WORK ORDER: Of all the entries below, retype only the lines from the one with "sp_n : nat;" through the one with "sp_H p i S = sp_H p i S'.", exactly as they appear.

MATERIAL TO PROCESS:
........

(* Let $\mathcal S$ be a trajectory set such that for every $S\in\mathcal S$ and every $j\in\mathbb N_0$ the stopped trajectory $(S_{\min\{i,j\}})_{i\in\mathbb N_0}$ belongs to $\mathcal S$. Then (LOP) and (K) hold for $\mathcal S$.
   Context: Fix $s_0\in\mathbb R$. A trajectory set is any set $\mathcal S$ of real sequences $S=(S_j)_{j\in\mathbb N_0}$ with $S_0=s_0$. A simple portfolio $(V,n,H)$ consists of $V\in\mathbb R$, $n\in\mathbb N$ and nonanticipating functions $H_i:\mathcal S\to\mathbb R$, $0\le i\le n-1$ (i.e. $H_i(S)=h_i(S_0,\dots,S_i)$ for some arbitrary $h_i:\mathbb R^{i+1}\to\mathbb R$). Its wealth is $\Pi^{V,n,H}_j(S)=V+\sum_{i=0}^{\min\{j,n\}-1}H_i(S)(S_{i+1}-S_i)$ and $\Pi^{V,n,H}_\infty:=\Pi^{V,n,H}_n$; it is positive if $V\ge0$ and $\Pi^{V,n,H}_\infty\ge0$ on $\mathcal S$. A positive generalized portfolio is a sequence $(V_m,n_m,H_m)_{m\in\mathbb N}$ of positive simple portfolios; it superhedges $f:\mathcal S\to[0,+\infty]$ with initial endowment $\sum_{m\ge1}V_m$ if $f\le\sum_{m=1}^\infty\Pi^{V_m,n_m,H_m}_\infty$ on $\mathcal S$. $\bar I(f)$ is the infimum of initial endowments of positive generalized portfolios superhedging $f$. Let $\mathcal E=\{\Pi^{V,n,H}_\infty\}$ over all simple portfolios. (LOP): whenever two simple portfolios have equal terminal wealth $\Pi_\infty$ at every $S\in\mathcal S$, their initial endowments coincide; under (LOP), $I:\mathcal E\to\mathbb R$, $I(\Pi^{V,n,H}_\infty)=V$, is well defined. (K): $I(f)+\bar I(f^-)\le\bar I(f^+)$ for every $f\in\mathcal E$ ($f^\pm$ positive/negative parts). *)

From HB Require Import structures.
From mathcomp Require Import all_boot all_order all_algebra.
From mathcomp Require Import all_classical all_reals.
From mathcomp Require Import ereal sequences.
Set Implicit Arguments. Unset Strict Implicit. Unset Printing Implicit Defensive.
Import Order.TTheory GRing.Theory Num.Theory.
Local Open Scope ring_scope.
Local Open Scope classical_set_scope.

Section Defs.
Variable R : realType.

Definition traj := nat -> R.

Definition trajectory_set (s0 : R) (SS : set traj) : Prop :=
  forall S, SS S -> S 0%N = s0.

Record simple_portfolio := SimplePortfolio {
  sp_V : R;
  sp_n : nat;
  sp_H : nat -> traj -> R }.

Definition is_simple_portfolio (p : simple_portfolio) : Prop :=
  (0 < sp_n p)%N /\
  forall i, (i < sp_n p)%N ->
    forall S S' : traj, (forall k, (k <= i)%N -> S k = S' k) ->
      sp_H p i S = sp_H p i S'.

Definition wealth (p : simple_portfolio) (j : nat) (S : traj) : R :=
  sp_V p + \sum_(0 <= i < minn j (sp_n p)) sp_H p i S * (S i.+1 - S i).

Definition wealth_inf (p : simple_portfolio) (S : traj) : R :=
  wealth p (sp_n p) S.

Definition positive_portfolio (SS : set traj) (p : simple_portfolio) : Prop :=
  is_simple_portfolio p /\ 0 <= sp_V p /\
  forall S, SS S -> 0 <= wealth_inf p S.

Definition superhedges (SS : set traj) (P : nat -> simple_portfolio)
  (f : traj -> \bar R) : Prop :=
  (forall m, positive_portfolio SS (P m)) /\
  forall S, SS S -> (f S <= \sum_(0 <= m <oo) ((wealth_inf (P m) S)%:E))%E.

Definition Ibar (SS : set traj) (f : traj -> \bar R) : \bar R :=
  ereal_inf [set (\sum_(0 <= m <oo) ((sp_V (P m))%:E))%E
            | P in [set P | superhedges SS P f]].

Definition LOP (SS : set traj) : Prop :=
  forall p q, is_simple_portfolio p -> is_simple_portfolio q ->
    (forall S, SS S -> wealth_inf p S = wealth_inf q S) -> sp_V p = sp_V q.

Definition represents (SS : set traj) (p : simple_portfolio) (f : traj -> R) :=
  is_simple_portfolio p /\ forall S, SS S -> f S = wealth_inf p S.

(* condition (K): I(f) + Ibar(f^-) <= Ibar(f^+) for every f in E,
   where I(f) = V for any simple portfolio (V,n,H) representing f *)
Definition condK (SS : set traj) : Prop :=
  forall (f : traj -> R) (p : simple_portfolio), represents SS p f ->
    ((sp_V p)%:E + Ibar SS (fun S => (Num.max (- f S) 0)%:E)
      <= Ibar SS (fun S => (Num.max (f S) 0)%:E))%E.

End Defs.

(* (LOP): the path stopped at date 0 is constant, so there every simple portfolio
   is worth its initial endowment.

   (K): let (V, n, H) represent f, with wealth Pi, and let positive simple
   portfolios P_0, P_1, ... superhedge f^+ at cost c.  As SS is stable under
   stopping, sum_m Pi^(P_m)_j >= (Pi_j)^+ at every date j.  Choose K with
   A_0 := sum_(m<K) V_m - V + eps >= 0 and open a pool with capital A_0 that
   successively absorbs the P_m.  With P_0, ..., P_(M-1) absorbed, the pool keeps
   its capital A nonnegative, and above sum_(m<M) Pi^(P_m) - Pi whenever the total
   sum_m Pi^(P_m) is finite.  At each date it absorbs finitely many more P_m and
   picks a position that preserves both properties on every continuation of the
   path.  If all continuations have finite totals, it holds the position of
   sum_(m<M') P_m minus (V, n, H) plus the limit of the tail positions
   sum_(m>=M') H^(P_m), where M' makes the tail wealth small.  Otherwise, since
   the total at the next date is affine in the next increment, at most one
   increment leads to a finite total, and absorbing enough P_m covers it.  At
   date n either the total is finite and A >= f^-, or the P_m not yet absorbed
   superhedge f^- on their own.  Sharing the pool among its members in proportion
   to their wealth gives positive simple portfolios superhedging f^- at cost
   A_0 + sum_(m>=K) V_m = c - V + eps. *)

From HB Require Import structures.
From mathcomp Require Import all_boot all_order all_algebra.
From mathcomp Require Import all_classical all_reals.
From mathcomp Require Import ereal sequences topology normedtype.
From mathcomp Require Import ring lra.
Set Implicit Arguments. Unset Strict Implicit. Unset Printing Implicit Defensive.
Import Order.TTheory GRing.Theory Num.Theory.
Import numFieldNormedType.Exports.
Local Open Scope ring_scope.
Local Open Scope classical_set_scope.

Section Wealth.
Variable R : realType.
Implicit Types (S : traj R) (q : simple_portfolio R).

Definition position q i S : R := if (i < sp_n q)%N then sp_H q i S else 0.
Definition increment S i : R := S i.+1 - S i.
Definition stop S j : traj R := fun i => S (minn i j).
Definition agree_upto S S' i := forall k, (k <= i)%N -> S k = S' k.

Lemma sum_if_ltn (F : nat -> R) a b :
  \sum_(0 <= i < a) (if (i < b)%N then F i else 0) = \sum_(0 <= i < minn a b) F i.
Proof.
have [ab|ba] := leqP a b.
  by apply: eq_big_nat => i /andP[_ ia]; rewrite (leq_trans ia ab).
rewrite (big_cat_nat (leq0n b) (ltnW ba)) /=.
rewrite [X in _ + X]big1_seq ?addr0; last first.
  by move=> i /andP[_]; rewrite mem_index_iota => /andP[bi _]; rewrite ltnNge bi.
by apply: eq_big_nat => i /andP[_ ->].
Qed.

Lemma wealthE q j S :
  wealth q j S = sp_V q + \sum_(0 <= i < j) position q i S * increment S i.
Proof.
rewrite /wealth -sum_if_ltn; congr (_ + _); apply: eq_bigr => i _.
by rewrite /position; case: ifP; rewrite ?mul0r.
Qed.

Lemma wealth0 q S : wealth q 0 S = sp_V q.
Proof. by rewrite wealthE big_geq ?addr0. Qed.

Lemma wealthS q j S :
  wealth q j.+1 S = wealth q j S + position q j S * increment S j.
Proof. by rewrite !wealthE big_nat_recr //= addrA. Qed.

Lemma agree_upto_sym S S' i : agree_upto S S' i -> agree_upto S' S i.
Proof. by move=> h k ki; rewrite h. Qed.

Lemma agree_upto_trans S1 S2 S3 i :
  agree_upto S1 S2 i -> agree_upto S2 S3 i -> agree_upto S1 S3 i.
Proof. by move=> h h' k ki; rewrite h ?h'. Qed.

Lemma agree_upto_le S S' i j :
  (j <= i)%N -> agree_upto S S' i -> agree_upto S S' j.
Proof. by move=> ji h k kj; apply: h (leq_trans kj ji). Qed.

Lemma agree_upto_stop S j : agree_upto S (stop S j) j.
Proof. by move=> k kj; rewrite /stop (minn_idPl kj). Qed.

Lemma increment_agree S S' i : agree_upto S S' i.+1 -> increment S i = increment S' i.
Proof. by move=> h; rewrite /increment (h i.+1 (leqnn _)) (h i (leqnSn _)). Qed.

Lemma increment_stop S i : increment (stop S i) i = 0.
Proof. by rewrite /increment /stop minnn (minn_idPr (leqnSn i)) subrr. Qed.

Section Nonanticipating.
Variable q : simple_portfolio R.
Hypothesis q_simple : is_simple_portfolio q.

Lemma position_agree i S S' : agree_upto S S' i -> position q i S = position q i S'.
Proof. by case: q_simple => _ hq h; rewrite /position; case: ifP => // /hq; apply. Qed.

Lemma wealth_agree j S S' : agree_upto S S' j -> wealth q j S = wealth q j S'.
Proof.
move=> h; rewrite !wealthE; congr (_ + _); apply: eq_big_nat => i /andP[_ ij].
by rewrite (position_agree (agree_upto_le (ltnW ij) h)) (increment_agree (agree_upto_le ij h)).
Qed.

Lemma wealthS_agree i S S' : agree_upto S S' i ->
  wealth q i.+1 S' = wealth q i S + position q i S * increment S' i.
Proof.
by move=> h; rewrite wealthS (wealth_agree (agree_upto_sym h)) (position_agree h).
Qed.

Lemma wealth_inf_stop j S : wealth_inf q (stop S j) = wealth q j S.
Proof.
rewrite /wealth_inf /wealth minnn minnC -sum_if_ltn; congr (_ + _).
apply: eq_big_nat => i /andP[_ iq]; rewrite /stop.
have [ij|ji] := ltnP i j.
  rewrite (minn_idPl ij); congr (_ * _).
  case: q_simple => _ hq; apply: hq => // k ki.
  by rewrite (minn_idPl (leq_trans ki (ltnW ij))).
by rewrite (minn_idPr (leq_trans ji (leqnSn i))) subrr mulr0.
Qed.

End Nonanticipating.
End Wealth.

Section Sequences.
Variable R : realType.
Implicit Types (u : nat -> R).

Lemma ler_sum_nat_subrange u a b a' b' : (forall m, 0 <= u m) ->
  (a' <= a)%N -> (b <= b')%N ->
  \sum_(a <= m < b) u m <= \sum_(a' <= m < b') u m.
Proof.
move=> u0 a'a bb'; have [ab|ba] := leqP a b; last first.
  by rewrite big_geq ?(ltnW ba) //; apply: sumr_ge0.
rewrite (big_cat_nat a'a (leq_trans ab bb')) (big_cat_nat ab bb') /=.
by rewrite addrCA lerDl; apply: addr_ge0; apply: sumr_ge0.
Qed.

Lemma sum_le_nneseries u N : (forall m, 0 <= u m) ->
  ((\sum_(0 <= m < N) u m)%:E <= \sum_(0 <= m <oo) (u m)%:E)%E.
Proof.
move=> u0; rewrite -sumEFin.
by apply: nneseries_lim_ge => m _ _; rewrite lee_fin.
Qed.

Lemma nneseries_approx u x eta : (forall m, 0 <= u m) -> 0 < eta ->
  (x%:E <= \sum_(0 <= m <oo) (u m)%:E)%E ->
  exists N, x - eta <= \sum_(0 <= m < N) u m.
Proof.
move=> u0 eta0 xu; apply: contrapT => small.
suff : (\sum_(0 <= m <oo) (u m)%:E <= (x - eta)%:E)%E.
  by move/(le_trans xu); rewrite lee_fin; lra.
apply: lime_le; first by apply: is_cvg_nneseries => m _ _; rewrite lee_fin.
exists 0%N => // N _ /=; rewrite sumEFin lee_fin leNgt.
by apply/negP => xN; apply: small; exists N; apply: ltW.
Qed.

........

OUTPUT:
  sp_n : nat;
  sp_H : nat -> traj -> R }.

Definition is_simple_portfolio (p : simple_portfolio) : Prop :=
  (0 < sp_n p)%N /\
  forall i, (i < sp_n p)%N ->
    forall S S' : traj, (forall k, (k <= i)%N -> S k = S' k) ->
      sp_H p i S = sp_H p i S'.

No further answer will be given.